# PROBLEM:
Whenever a line in the entries includes the word "normG", copy that line out.

# DATA RECORDS:
Lemma top_cones_same_side s1 s2 t l0 u v :
  cdim (G s1) = n.+1 -> cdim (G t) = n -> is_normal t l0 -> sub G t s1 -> sub G t s2 ->
  cone G s1 u -> cone G s2 v -> 0 < dotv l0 u -> 0 < dotv l0 v -> s1 = s2.
Proof.
move=> rks1 rkt l0t ts1 ts2 us1 vs2 l0u l0v.
have [y [ys1 ys2 l0y]] := common_point_off_hyperplane rkt l0t ts1 ts2 us1 vs2 l0u l0v.
exact: (top_cones_eq_of_common_point rks1 rkt l0t ts1 ts2 ys1 ys2 l0y).
Qed.

Lemma top_cones_meet s1 s2 t : cdim (G s1) = n.+1 -> s1 != s2 -> cdim (G t) = n ->
  sub G t s1 -> sub G t s2 -> forall x, cone G s1 x -> cone G s2 x -> cone G t x.
Proof.
move=> rks1 s12 rkt ts1 ts2 x xs1 xs2.
have ltx : dotv (l t) x = 0.
  have [//|ltx] := eqVneq (dotv (l t) x) 0; move/eqP: s12; case.
  exact: top_cones_eq_of_common_point rks1 rkt (normG rkt) ts1 ts2 x xs1 xs2 ltx.
have [c s1tc] := face_normal rkt (normG rkt) ts1 (fun y (yt : cone G t y) => yt).
by apply/(s1tc x xs1); rewrite ltx mulr0.
Qed.

Lemma top_cone_neg_gen s w : cdim (G s) = n.+1 -> w != 0 ->
  ~~ has (fun g => 0 < dotv w g) (G s) -> exists2 u, cone G s u & 0 < dotv (- w) u.
Proof.
move=> rks w_neq0 /hasPn w_npos.
have [k wk] : exists k : 'I_(size (G s)), dotv w (G s)`_k != 0.
  apply/existsP; apply: contraT => /existsPn wg.
  by move: w_neq0; rewrite (orthv_full_eq0 rks (fun k => eqP (negbNE (wg k)))) eqxx.
exists (G s)`_k; first exact: poshull_nth.
by rewrite dotvNl oppr_gt0 lt_neqAle wk leNgt w_npos // mem_nth.
Qed.

Lemma incidE s t : cdim (G s) = n.+1 -> cdim (G t) = n -> sub G t s ->
  incid G l s t = if has (fun g => 0 < dotv (l t) g) (G s) then 1 else -1.
Proof. by move=> rks rkt ts; rewrite /incid rks rkt !eqxx (pbP _).2. Qed.

Lemma incid_eq0 s t : ~ (cdim (G s) = n.+1 /\ sub G t s) -> incid G l s t = 0.
Proof.
rewrite /incid => not_ts; case: eqP => //= rks; case: eqP => //= _.
by case ts: (pb _) => //; case: not_ts; split=> //; apply/pbP.
Qed.

Lemma incid_sign s t : cdim (G s) = n.+1 -> cdim (G t) = n -> sub G t s ->
  incid G l s t = 1 \/ incid G l s t = -1.
Proof. by move=> rks rkt ts; rewrite incidE //; case: has; [left | right]. Qed.

Lemma incid_neq0 s t : cdim (G s) = n.+1 -> cdim (G t) = n -> sub G t s ->
  incid G l s t != 0.
Proof. by move=> rks rkt ts; case: (incid_sign rks rkt ts) => ->; rewrite ?oppr_eq0 oner_eq0. Qed.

# THE ANSWER:
  exact: top_cones_eq_of_common_point rks1 rkt (normG rkt) ts1 ts2 x xs1 xs2 ltx.
have [c s1tc] := face_normal rkt (normG rkt) ts1 (fun y (yt : cone G t y) => yt).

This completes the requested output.